--- INPUT DATA Enclosed Below ---

Lemma orth_lt M n m : (m < n < M)%nat ->
  csum (fun j => (mu M j ^ n) * Cconj (mu M j ^ m))%C M = RtoC 0.
Proof.
  intros H. assert (HM : 0 < INR M) by (apply lt_0_INR; lia).
  set (x := 2 * PI * INR (n - m) / INR M).
  rewrite (csum_ext _ (fun j => ex x ^ j)%C).
  2:{ intros j _. unfold mu. rewrite !ex_pow, ex_conj, ex_mul. f_equal.
      unfold x. rewrite minus_INR by lia. field. lra. }
  assert (Hz : ex x <> RtoC 1).
  { apply ex_ne_1. unfold x. pose proof PI_RGT_0.
    assert (0 < INR (n - m)) by (apply lt_0_INR; lia).
    assert (INR (n - m) < INR M) by (apply lt_INR; lia). split.
    - apply Rdiv_lt_0_compat; nra.
    - apply Rmult_lt_reg_r with (INR M); auto. field_simplify; nra. }
  apply (Cmult_eq0 (1 - ex x)).
  - rewrite csum_geom, ex_pow. unfold x.
    replace (INR M * (2 * PI * INR (n - m) / INR M)) with (0 + 2 * INR (n - m) * PI) by (field; lra).
    unfold ex. rewrite cos_period, sin_period, cos_0, sin_0. apply injective_projections; simpl; ring.
  - intros Habs. apply Hz. replace (ex x) with (1 - (1 - ex x))%C by ring. rewrite Habs. ring.
Qed.

Lemma orth M n m : (n < M)%nat -> (m < M)%nat ->
  csum (fun j => (mu M j ^ n) * Cconj (mu M j ^ m))%C M =
  if Nat.eq_dec n m then RtoC (INR M) else RtoC 0.
Proof.
  intros Hn Hm. destruct (Nat.eq_dec n m) as [<-|Hne].
  - rewrite (csum_ext _ (fun _ => RtoC 1)), csum_const; [ring|].
    intros j _. unfold mu. rewrite ex_pow, ex_conj, ex_mul, Rplus_opp_r. unfold ex.
    now rewrite cos_0, sin_0.
  - destruct (Nat.lt_total m n) as [Hlt|[Heq|Hgt]]; [now apply orth_lt|lia|].
    rewrite (csum_ext _ (fun j => Cconj ((mu M j ^ m) * Cconj (mu M j ^ n)))%C).
    + rewrite <- csum_conj, orth_lt by lia. apply injective_projections; simpl; ring.
    + intros j _. rewrite Cmult_conj, Cconj_conj. ring.
Qed.

Lemma Cmod2_fst c : Cmod c ^ 2 = fst (c * Cconj c)%C.
Proof. now rewrite <- Cmod2_conj. Qed.

Lemma parseval M p n : (0 < M)%nat -> (n <= M)%nat ->
  INR M * rsum (fun k => Cmod (p k) ^ 2) n = rsum (fun j => Cmod (evalp p n (mu M j)) ^ 2) M.
Proof.
  intros HM Hn.
  rewrite (rsum_ext (fun j => Cmod (evalp p n (mu M j)) ^ 2)
                    (fun j => fst (evalp p n (mu M j) * Cconj (evalp p n (mu M j)))%C))
    by (intros; apply Cmod2_fst).
  rewrite <- csum_fst. unfold evalp.
  rewrite (csum_ext _ (fun j => csum (fun a => csum (fun b =>
             p a * Cconj (p b) * ((mu M j ^ a) * Cconj (mu M j ^ b))) n) n))%C.
  2:{ intros j _. rewrite csum_conj, csum_mul. apply csum_ext. intros a _.
      apply csum_ext. intros b _. rewrite Cmult_conj. ring. }
  rewrite csum_swap, (csum_ext _ (fun a => p a * Cconj (p a) * INR M))%C.
  - rewrite csum_fst, rsum_scal. apply rsum_ext. intros a _. rewrite Cmod2_fst. simpl. ring.
  - intros a Ha. rewrite csum_swap.
    rewrite (csum_ext _ (fun b => if Nat.eq_dec a b then p b * Cconj (p b) * INR M else RtoC 0))%C.
    + now apply csum_kron.
    + intros b Hb. rewrite <- csum_scal, orth by lia. destruct (Nat.eq_dec a b) as [<-|]; ring.
Qed.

--- End of Enclosed INPUT DATA ---

EXERCISE:
Return the entries exactly through the "rewrite (csum_ext _ (fun j => ex x ^ j)%C)." line.

RESULT FOR THIS TASK:
Lemma orth_lt M n m : (m < n < M)%nat ->
  csum (fun j => (mu M j ^ n) * Cconj (mu M j ^ m))%C M = RtoC 0.
Proof.
  intros H. assert (HM : 0 < INR M) by (apply lt_0_INR; lia).
  set (x := 2 * PI * INR (n - m) / INR M).
  rewrite (csum_ext _ (fun j => ex x ^ j)%C).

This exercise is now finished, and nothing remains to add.